*Exercise brief*.
Would you restate, exactly as they appear, the lines from the one containing "Sort the (2N+1)^d" through the end of the data below?

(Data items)
(* Let $d\in\mathbb{N}$ with $d\ge 2$ and let $\omega\ge 1/d$. Then \[\left\{\boldsymbol{\alpha}\in K_d:\lim_{Q\to\infty}Q^\omega\min_{0<q\le Q}\|q\boldsymbol{\alpha}\|=0\right\}\subseteq E(d-1+d\omega).\]
   Context: For $\boldsymbol{x}\in\mathbb{R}^d$, $|\boldsymbol{x}|=\max_i|x_i|$ and $\|\boldsymbol{x}\|=\min_{\boldsymbol{p}\in\mathbb{Z}^d}|\boldsymbol{x}-\boldsymbol{p}|$; for $x\in\mathbb{R}$, $\|x\|$ is the distance to the nearest integer. $q$ ranges over integers. $K_d$ is the set of $\boldsymbol{\alpha}\in\mathbb{R}^d$ with $1,\alpha_1,\dots,\alpha_d$ linearly independent over $\mathbb{Q}$. For $\boldsymbol{r},\boldsymbol{\alpha}\in\mathbb{R}^d$, $\boldsymbol{r}\boldsymbol{\alpha}$ is the standard inner product. For real $\omega'\ge d$, \[E(\omega')=\left\{\boldsymbol{\alpha}\in K_d:\lim_{R\to\infty}R^{\omega'}\min\{\|\boldsymbol{r}\boldsymbol{\alpha}\|:\boldsymbol{r}\in\mathbb{Z}^d,\ 0<|\boldsymbol{r}|\le R\}=0\right\}.\] *)

From HB Require Import structures.
From mathcomp Require Import all_boot all_order all_algebra.
From mathcomp Require Import all_classical all_reals all_analysis.
Set Implicit Arguments. Unset Strict Implicit. Unset Printing Implicit Defensive.
Import Order.TTheory GRing.Theory Num.Theory.
Import numFieldNormedType.Exports.
Local Open Scope classical_set_scope.
Local Open Scope ring_scope.

Section Defs.
Variable R : realType.

Definition distZ (x : R) : R := inf [set `|x - p%:~R| | p in [set: int]].

Definition supn (d : nat) (x : 'I_d -> R) : R := \big[Num.max/0]_(i < d) `|x i|.

Definition distZv (d : nat) (x : 'I_d -> R) : R :=
  inf [set supn (fun i => x i - (p i)%:~R) | p in [set: 'I_d -> int]].

Definition Kd (d : nat) : set ('I_d -> R) :=
  [set a | forall (c0 : rat) (c : 'I_d -> rat),
      ratr c0 + \sum_(i < d) ratr (c i) * a i = 0 -> c0 = 0 /\ forall i, c i = 0].

Definition simmin (d : nat) (a : 'I_d -> R) (Q : R) : R :=
  inf [set distZv (fun i => q%:~R * a i) | q in [set q : int | 0 < q /\ q%:~R <= Q]].

Definition linmin (d : nat) (a : 'I_d -> R) (Rr : R) : R :=
  inf [set distZ (\sum_(i < d) (r i)%:~R * a i) |
        r in [set r : 'I_d -> int |
               0 < supn (fun i => (r i)%:~R) /\ supn (fun i => (r i)%:~R) <= Rr]].

Definition Eset (d : nat) (w' : R) : set ('I_d -> R) :=
  [set a | @Kd d a /\ (Rr `^ w' * @linmin d a Rr) @[Rr --> +oo] --> (0 : R)].

End Defs.

(* If ||q alpha|| < delta for some 0 < q <= N^d, write q alpha = p + e with |e_i| < delta.
   Sort the (2N+1)^d vectors t in [0, 2N]^d by the residue of t.p modulo q and by which
   of K+1 intervals of length 4dN delta / K contains t.e + 2dN delta, where K = N^d / q.
   Since q (K+1) < (2N+1)^d, two vectors t, t' share a class; r = t - t' is then nonzero,
   |r| <= 2N, r.p = mq for an integer m, and q |r.alpha - m| = |r.e| < 4dN delta / K, so
   ||r alpha|| <= 8dN delta / N^d.  Taking N = floor(R/2) and Q = N^d, this bounds
   R^(d-1+dw) min_{0<|r|<=R} ||r alpha|| by 4^(d-1+dw) 8d Q^w min_{0<q<=Q} ||q alpha||,
   which tends to 0. *)
From HB Require Import structures.
From mathcomp Require Import all_boot all_order all_algebra.
From mathcomp Require Import all_classical all_reals all_analysis.
From mathcomp Require Import zify ring lra.
Set Implicit Arguments. Unset Strict Implicit. Unset Printing Implicit Defensive.
Import Order.TTheory GRing.Theory Num.Theory.
Import numFieldNormedType.Exports.
Local Open Scope classical_set_scope.
Local Open Scope ring_scope.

*Answer space*.
   Sort the (2N+1)^d vectors t in [0, 2N]^d by the residue of t.p modulo q and by which
   of K+1 intervals of length 4dN delta / K contains t.e + 2dN delta, where K = N^d / q.
   Since q (K+1) < (2N+1)^d, two vectors t, t' share a class; r = t - t' is then nonzero,
   |r| <= 2N, r.p = mq for an integer m, and q |r.alpha - m| = |r.e| < 4dN delta / K, so
   ||r alpha|| <= 8dN delta / N^d.  Taking N = floor(R/2) and Q = N^d, this bounds
   R^(d-1+dw) min_{0<|r|<=R} ||r alpha|| by 4^(d-1+dw) 8d Q^w min_{0<q<=Q} ||q alpha||,
   which tends to 0. *)
From HB Require Import structures.
From mathcomp Require Import all_boot all_order all_algebra.
From mathcomp Require Import all_classical all_reals all_analysis.
From mathcomp Require Import zify ring lra.
Set Implicit Arguments. Unset Strict Implicit. Unset Printing Implicit Defensive.
Import Order.TTheory GRing.Theory Num.Theory.
Import numFieldNormedType.Exports.
Local Open Scope classical_set_scope.
Local Open Scope ring_scope.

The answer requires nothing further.